One electrode is placed inside the pipette while another is located in a bath solution. When an external bias is applied between these two electrodes, a current flow is detected. Completing the overall electrical circuit, one needs to account for two electrical resistances at the channel assuming that the resistance of the bath solution is negligible. The first electrical resistance emanates from the frustum shape of the pipette while the second results from the distance between the pipette and the sample surface. When the pipette is far from the surface, the latter electrical resistance diminishes, reaching a saturated current because the resistance due to the tip shape is almost constant during the measurement. As the pipette gets closer to the sample however, the volume of the conductive ion channel between the probe and the sample becomes smaller, resulting in a rapid decrease of the ion current, which is in turn used as a reference feedback signal. One can also apply an AC modulation to the technique in order to achieve a more stable operation [1] during measurement.

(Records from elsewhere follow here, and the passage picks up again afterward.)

(* Let $G=(V,E)$ be a graph on $V=\{1,\ldots,n\}$ and $b(\mathbf x)=\sum_{ij\in E}a_{ij}x_ix_j$ with $a_{ij}\neq 0$ for all $ij\in E$. Then $Q=\operatorname{conv}(B)$ if and only if every cycle in $G$ contains an even number of positive edges and an even number of negative edges.
   Context: An edge $ij$ is positive if $a_{ij}>0$ and negative if $a_{ij}<0$. $B=\{(\mathbf x,z)\in[0,1]^n\times\mathbb R: z=b(\mathbf x)\}$ is the graph of $b$ and $\operatorname{conv}(B)$ its convex hull. The McCormick polytopes are $P=\{(\mathbf x,\mathbf y)\in[0,1]^n\times[0,1]^{|E|}: y_{ij}\le x_i,\ y_{ij}\le x_j,\ y_{ij}\ge x_i+x_j-1\ \forall ij\in E\}$ and $Q=\{(\mathbf x,z)\in[0,1]^n\times\mathbb R:\exists\mathbf y\in[0,1]^{|E|}\text{ with }(\mathbf x,\mathbf y)\in P,\ z=\sum_{ij\in E}a_{ij}y_{ij}\}$. *)

From Stdlib Require Import Reals.
From mathcomp Require Import all_boot.

Set Implicit Arguments.
Unset Strict Implicit.
Unset Printing Implicit Defensive.

(* The graph G = (V,E) has vertex set 'I_n (= {0,...,n-1}, a relabelling of
   {1,...,n}); it is given by a symmetric irreflexive adjacency relation adj.
   An (undirected) edge ij is represented by the pair i < j with adj i j.
   The coefficients a : 'I_n -> 'I_n -> R are assumed symmetric (a_ij = a_ji). *)

Definition in_box (n : nat) (x : 'I_n -> R) : Prop :=
  forall i, (Rle 0 (x i) /\ Rle (x i) 1).

Definition bfun (n : nat) (adj : rel 'I_n) (a : 'I_n -> 'I_n -> R)
  (x : 'I_n -> R) : R :=
  \big[Rplus/R0]_(i < n) \big[Rplus/R0]_(j < n | (i < j)%N && adj i j)
     (Rmult (Rmult (a i j) (x i)) (x j)).

Definition inQ (n : nat) (adj : rel 'I_n) (a : 'I_n -> 'I_n -> R)
  (x : 'I_n -> R) (z : R) : Prop :=
  in_box x /\
  exists y : 'I_n -> 'I_n -> R,
    (forall i j : 'I_n, (i < j)%N -> adj i j ->
       (Rle 0 (y i j) /\ Rle (y i j) 1) /\ Rle (y i j) (x i) /\ Rle (y i j) (x j) /\
       Rle (Rminus (Rplus (x i) (x j)) 1) (y i j)) /\
    z = \big[Rplus/R0]_(i < n) \big[Rplus/R0]_(j < n | (i < j)%N && adj i j)
          (Rmult (a i j) (y i j)).

Definition inConvB (n : nat) (adj : rel 'I_n) (a : 'I_n -> 'I_n -> R)
  (x : 'I_n -> R) (z : R) : Prop :=
  exists (m : nat) (lam : 'I_m -> R) (p : 'I_m -> 'I_n -> R),
    (forall k, Rle 0 (lam k)) /\
    \big[Rplus/R0]_(k < m) lam k = R1 /\
    (forall k, in_box (p k)) /\
    (forall i, x i = \big[Rplus/R0]_(k < m) (Rmult (lam k) (p k i))) /\
    z = \big[Rplus/R0]_(k < m) (Rmult (lam k) (bfun adj a (p k))).

Definition posb (r : R) : bool := if Rlt_dec 0 r then true else false.
Definition negb_R (r : R) : bool := if Rlt_dec r 0 then true else false.

(* The edges of the cycle s are zip s (rot 1 s). *)
Definition even_sign_cycles (n : nat) (adj : rel 'I_n)
  (a : 'I_n -> 'I_n -> R) : Prop :=
  forall s : seq 'I_n, (2 < size s)%N -> uniq s -> cycle adj s ->
    ~~ odd (count (fun e => posb (a e.1 e.2)) (zip s (rot 1 s))) /\
    ~~ odd (count (fun e => negb_R (a e.1 e.2)) (zip s (rot 1 s))).

(* The inclusion conv(B) ⊆ Q always holds: the McCormick inequalities are valid on B.
   If every cycle has an even number of positive edges, the positive edges are exactly
   the edges crossing a cut o1 of G, and likewise the negative edges cross a cut o2.
   Given x, take the comonotone (threshold) coupling of 0/1 points with marginals x after
   flipping the coordinates on one side of a cut: its moments E[p_i p_j] sit on the lower
   McCormick bound max(0, x_i + x_j - 1) across the cut and on the upper bound
   min(x_i, x_j) within a side.  So the coupling along o1 yields a point of conv(B) over x
   with value at most z, the one along o2 a point with value at least z, and a mixture of
   the two yields (x, z).
   Conversely, on a cycle with an odd number of positive edges, x = 1/2 on the cycle lifts
   to a point of Q at which a sum of affine minorants of the edge terms a_ij x_i x_j is
   tight.  A convex combination of points of B representing it would be tight at each
   point, forcing the positive cycle edges to be exactly the sign changes of a 0/1 vector
   along the cycle, of which there is an even number.  Negative edges are handled by
   replacing a with -a. *)

From Stdlib Require Import Reals Lra Lia.
From HB Require Import structures.
From mathcomp Require Import all_boot zify.

Set Implicit Arguments.
Unset Strict Implicit.
Unset Printing Implicit Defensive.

(** * Closed walks, cycles and cuts *)

Lemma zip_cons_rcons (T : Type) (x y : T) (p : seq T) :
  zip (x :: p) (rcons p y) = zip (x :: rcons p y) (rcons p y).
Proof. by elim: p x => [|z p IHp] x //=; rewrite IHp. Qed.

Section ClosedWalks.

Variables (T : eqType) (e c : rel T).

Definition path_count (x : T) (p : seq T) : nat :=
  count (fun st => c st.1 st.2) (zip (x :: p) p).

Lemma path_count_cons x y p : path_count x (y :: p) = c x y + path_count y p.
Proof. by []. Qed.

Lemma path_count_cat x p q :
  path_count x (p ++ q) = path_count x p + path_count (last x p) q.
Proof. by elim: p x => [|y p IHp] x //=; rewrite !path_count_cons IHp addnA. Qed.

Lemma cycle_count_path_count x p :
  count (fun st => c st.1 st.2) (zip (x :: p) (rot 1 (x :: p)))
  = path_count x (rcons p x).
Proof. by rewrite rot1_cons zip_cons_rcons. Qed.

Lemma not_uniq_cat_cons (s : seq T) :
  ~~ uniq s -> exists p1 v p2 p3, s = p1 ++ v :: p2 ++ v :: p3.
Proof.
elim: s => [|y s IHs] //=; rewrite negb_and negbK => /orP[ys | /IHs].
  by case/splitPr: ys => p2 p3; exists [::], y, p2, p3.
by case=> p1 [v [p2 [p3 ->]]]; exists (y :: p1), v, p2, p3.
Qed.

Lemma path_step_mem x p st : path e x p -> st \in zip (x :: p) p ->
  [/\ e st.1 st.2, st.1 \in x :: p & st.2 \in p].
Proof.
elim: p x => [|y p IHp] x // /andP[exy yp].
rewrite [zip _ _]/= in_cons => /orP[/eqP -> | ]; first by rewrite /= exy eqxx mem_head.
by case/(IHp _ yp) => e12 in1 in2; split=> //; rewrite in_cons; apply/orP; right.
Qed.

Lemma cycle_step_mem s st : cycle e s -> st \in zip s (rot 1 s) ->
  [/\ e st.1 st.2, st.1 \in s & st.2 \in s].
Proof.
case: s => [|x p] //= xp; rewrite rot1_cons zip_cons_rcons.
case/(path_step_mem xp) => e12 in1; rewrite mem_rcons => in2; split=> //.
by move: in1; rewrite !in_cons mem_rcons in_cons => /orP[-> | /orP[-> | ->]]; rewrite ?orbT.
Qed.

Hypotheses (e_irr : irreflexive e) (c_sym : forall u v, e u v -> c u v = c v u).
Hypothesis even_cycles : forall s : seq T, (2 < size s)%N -> uniq s -> cycle e s ->
  ~~ odd (count (fun st => c st.1 st.2) (zip s (rot 1 s))).

(* A closed walk without repeated vertices is a cycle or runs back and forth along one
   edge; otherwise it splits into two shorter closed walks. *)
Lemma closed_walk_count_even x p :
  path e x p -> last x p = x -> ~~ odd (path_count x p).
Proof.
elim: {p}(size p).+1 {-2}p (ltnSn (size p)) x => // N IHN p ltpN x xp xpx.
have [up | /not_uniq_cat_cons[p1 [v [p2 [p3 def_p]]]]] := boolP (uniq p).
  case/lastP: p ltpN xp xpx up => [|t y] // _ + + up; rewrite last_rcons => xp yx; subst y.
  case: t xp up => [|w [|w' t]] xp up; first by move: xp => /= /andP[]; rewrite e_irr.
    case/andP: xp => exw _.
    by rewrite !path_count_cons (c_sym exw) addn0 oddD addbb.
  by rewrite -cycle_count_path_count; apply: even_cycles => //; rewrite rcons_uniq in up.
move: xp xpx; rewrite def_p cat_path last_cat => /andP[xp1 /= /andP[e1]].
rewrite cat_path last_cat /= => /andP[vp2 /= /andP[e2 vp3]] v3x.
have loop : ~~ odd (path_count v (p2 ++ [:: v])).
  apply: IHN; rewrite ?cat_path ?vp2 ?last_cat //= ?e2 //.
  by move: ltpN; rewrite def_p !size_cat /= !size_cat /=; lia.
have rest : ~~ odd (path_count x (p1 ++ v :: p3)).
  apply: IHN; rewrite ?cat_path ?xp1 ?last_cat //= ?e1 //.
  by move: ltpN; rewrite def_p !size_cat /= !size_cat /=; lia.
move: loop rest; rewrite !(path_count_cat, path_count_cons) /= !addn0 !oddD !oddb.
by case: (odd (path_count x p1)) (c (last x p1) v) (odd (path_count v p2))
  (c (last v p2) v) (odd (path_count v p3)) => [] [] [] [] [].
Qed.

Although ICM was developed many years ago, it has not been widely used during the last decade due to the instrumentation complexity and the subsequent operational instability, in particular the large Z-bandwidth requirement for proper Z-servo feedback.

Live Cell Membrane Imaging with SICM

The cell membrane is probably the most important component of a cell. Most cellular activity is mediated via the membrane. However, it is extremely difficult to monitor a live cell membrane at the nanometre scale. Furthermore, the transparency of the membrane makes it virtually impossible to observe with light microscopy.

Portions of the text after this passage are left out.